About the Author
Anjeza Fero, PharmD, RPh, is a pharmacist and professor at the University of Connecticut School of Pharmacy in Storrs.
AI functions as a supportive layer that improves efficiency while preserving the pharmacist’s central role in therapeutic decision-making.
Artificial intelligence (AI) is widely discussed in health care, but it is already being applied in practical, workflow-driven ways throughout pharmacy practice. Rather than functioning as a clinical decision-making authority, these tools are embedded within existing systems to help manage increasing complexity in medication-related care. Their primary value is not to replace pharmacist judgment but to enhance it by organizing large volumes of clinical data, identifying meaningful patterns, and improving prioritization of patient care activities. In this context, AI functions as a supportive layer that improves efficiency while preserving the pharmacist’s central role in therapeutic decision-making.1
One of the most established uses for AI in pharmacy practice is predictive risk modeling using electronic health record (EHR) data. These learning systems analyze large data sets to identify patterns associated with outcomes such as hospital readmission, clinical deterioration, and medication nonadherence. Rather than producing treatment recommendations, they generate risk scores that stratify patients by likelihood of adverse outcomes.1 For example, a patient newly started on insulin with an inconsistent refill history and multiple missed outpatient appointments may be flagged as high risk for poor glycemic control or nonadherence. This does not initiate a clinical action but serves as a signal for closer pharmacist review. In practice, this allows pharmacists to shift from reactive chart review to earlier prioritization of patients who may benefit from medication reconciliation, counseling, or follow-up interventions.
A similar approach is being used in hospitals through machine learning–based early warning systems for sepsis integrated into the EHR. For example, the Targeted Real-time Early Warning System (TREWS) is an AI-based tool designed to identify patients at risk for sepsis earlier in the course of illness.2 These systems continuously analyze patient-specific data, including vital signs, laboratory values, medication information, and clinical documentation, to detect patterns associated with early clinical deterioration before traditional recognition methods identify sepsis. In a study evaluating TREWS across 5 hospitals over a 2-year period, the system identified 82% of retrospectively confirmed sepsis cases. In addition, 89% of generated alerts were reviewed by a physician or advanced practice provider, indicating strong integration into clinical workflow and high provider utilization of the system.2
For instance, a patient hospitalized with pneumonia may not yet meet established sepsis criteria, but concerning trends, such as an increasing heart rate, rising white blood cell count, and decreasing blood pressure, may collectively trigger a high-risk alert. Although these systems may support earlier recognition of clinical deterioration and initiation of treatment, they are not intended to serve as diagnostic tools and may still produce false-positive alerts. Instead, they function as clinical support tools that prompt additional assessment and assist health care providers identify patients who may require closer evaluation.
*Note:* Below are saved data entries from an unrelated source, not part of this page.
(* Let $\mathfrak g$ be a $9$-dimensional filiform Lie algebra with associated triple $(5,6,9)$, with parameters $\alpha_1,\alpha_2,\gamma_1,\gamma_2,\beta_{12},\beta_{22},\beta_{13},\beta_{23},\beta_{33}$ with respect to an adapted basis $\{e_h\}$. Then $\alpha_1=0$, $(2\alpha_2+3\gamma_1)(\alpha_2-\gamma_1)=0$ and $\gamma_1\ne0$; moreover $[C^3\mathfrak g,C^3\mathfrak g]=[C^3\mathfrak g,C^4\mathfrak g]=\langle e_2\rangle$, $[C^3\mathfrak g,C^5\mathfrak g]=\{0\}$, $[C^2\mathfrak g,C^6\mathfrak g]=\{0\}$, $[C^2\mathfrak g,C^5\mathfrak g]=\langle e_2\rangle$, $[C^2\mathfrak g,C^4\mathfrak g]=\langle e_2,e_3\rangle$, $[C^2\mathfrak g,C^2\mathfrak g]=[C^2\mathfrak g,C^3\mathfrak g]=\langle e_2,e_3,e_4\rangle$. Consequently every such $\mathfrak g$ has the same Hilbert polynomial: $$\mathrm{HP}_{\mathfrak g}-\mathrm{HP}^{(0)}_{\mathfrak g}=3(t^2s^2+t^2s^3+t^3s^2)+2(t^2s^4+t^4s^2)+(t^2s^5+t^5s^2)+(t^3s^3+t^3s^4+t^4s^3).$$
   Context: All Lie algebras are over $\mathbb C$; $C^1\mathfrak g=\mathfrak g$, $C^k\mathfrak g=[C^{k-1}\mathfrak g,\mathfrak g]$. A Lie algebra is filiform if $\dim\mathfrak g=n\ge2$ and $\dim C^k\mathfrak g=n-k$ for $2\le k\le n$. An adapted basis of a filiform $\mathfrak g$ is a basis $\{e_1,\dots,e_n\}$ with $[e_1,e_h]=e_{h-1}$ ($3\le h\le n$), $[e_2,e_h]=0$ ($1\le h\le n$), $[e_3,e_h]=0$ ($2\le h\le n$); then $C^k\mathfrak g=\langle e_2,\dots,e_{n-k+1}\rangle$. For non-model filiform $\mathfrak g$, $z_1=\min\{k\ge4:[e_k,e_n]\ne0\}$, $z_2=\min\{k\ge4:[e_k,e_{k+1}]\ne0\}$ (in any adapted basis) are invariants; $(z_1,z_2,n)$ is the associated triple. $P_h(u)$ is the $h$-th coordinate of $u$ in $\{e_h\}$. General law (known result) for triple $(z_1,z_2,n)$: there are complex numbers $\alpha_i$ ($1\le i\le z_2-z_1+1$), $\gamma_j$ ($1\le j\le n-z_2-1$), $\beta_{k\ell}$ ($2\le\ell\le n-z_2$, $1\le k<z_2-z_1+\ell$), the parameters, with $[e_1,e_h]=e_{h-1}$; $[e_{z_1+i},e_{z_2+1}]=\alpha_1e_{i+2}+\dots+\alpha_{i+1}e_2$ ($0\le i\le z_2-z_1$); $[e_{z_1},e_{z_2+j}]=\alpha_1e_{j+1}+\gamma_1e_j+\dots+\gamma_{j-1}e_2$ ($2\le j\le n-z_2$); $[e_{z_1+k},e_{z_2+\ell}]=\sum_{h=2}^{k+\ell}P_h([e_{z_1+k-1},e_{z_2+\ell}]+[e_{z_1+k},e_{z_2+\ell-1}])e_{h+1}+\beta_{k\ell}e_2$; all other brackets $[e_a,e_b]$, $2\le a<b$, zero. For $(5,6,9)$ the parameters are $\alpha_1,\alpha_2,\gamma_1,\gamma_2,\beta_{12},\beta_{22},\beta_{13},\beta_{23},\beta_{33}$. Hilbert polynomial: $\mathrm{HP}_{\mathfrak g}(t,s)=\sum_{k,\ell\ge1}\dim[C^k\mathfrak g,C^\ell\mathfrak g]\,t^ks^\ell$; $\mathrm{HP}^{(0)}_{\mathfrak g}=(n-2)ts+\sum_{2\le k\le n-2}(n-k-1)(t^ks+ts^k)$. *)

(* Lie algebras over C (modelled by an arbitrary
   numClosedFieldType), finite-dimensional via vector.v. *)
From HB Require Import structures.
From mathcomp Require Import all_boot all_order all_algebra.
From mathcomp Require Import mpoly.
Set Implicit Arguments. Unset Strict Implicit. Unset Printing Implicit Defensive.
Import Order.TTheory GRing.Theory Num.Theory.
Local Open Scope ring_scope.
Beyond risk prediction, AI is also being used to address a long-standing challenge in pharmacy practice: unstructured clinical documentation. Much of the medication-related information needed for clinical decision-making is documented within narrative notes rather than organized data fields in the EHR. Natural language processing tools can review progress notes, discharge summaries, and consult documentation to identify important information such as medication initiations, discontinuations, dose adjustments, and adverse drug events. This is especially valuable during transitions of care, when discrepancies between intended and documented medication regimens are common and manual chart review can be both time-consuming and prone to omission.3
Moreover, AI is being used in pharmacy operations to help predict medication demand and identify potential shortages earlier. These systems analyze factors such as prescribing trends, seasonal patterns, and medication utilization data to help pharmacies better anticipate inventory needs. This can support more proactive inventory management and reduce reliance on last-minute ordering, particularly during periods of fluctuating medication demand or potential supply shortages.
AI may also support patient care by helping patients better understand and manage their medications through digital health applications, automated reminders, and personalized educational tools. These technologies can provide guidance on when and how to take medications, send refill or adherence reminders, and support medication monitoring through wearable devices and mobile health platforms. Some AI-based tools may also help improve communication with health care professionals and identify patients who may benefit from earlier follow-up or adherence interventions.1
Anjeza Fero, PharmD, RPh, is a pharmacist and professor at the University of Connecticut School of Pharmacy in Storrs.
Ultimately, AI in pharmacy should be viewed as a supportive technology rather than a source of clinical authority. These systems can improve efficiency by organizing complex clinical data, identifying relevant patterns earlier, and helping pharmacists prioritize patient care activities. However, pharmacists remain responsible for interpreting findings and making all final therapeutic decisions. As AI continues to evolve, its greatest contribution to pharmacy practice will likely be optimizing workflows, reducing cognitive burden, and allowing pharmacists to devote more attention to patient care, clinical reasoning, and interdisciplinary collaboration.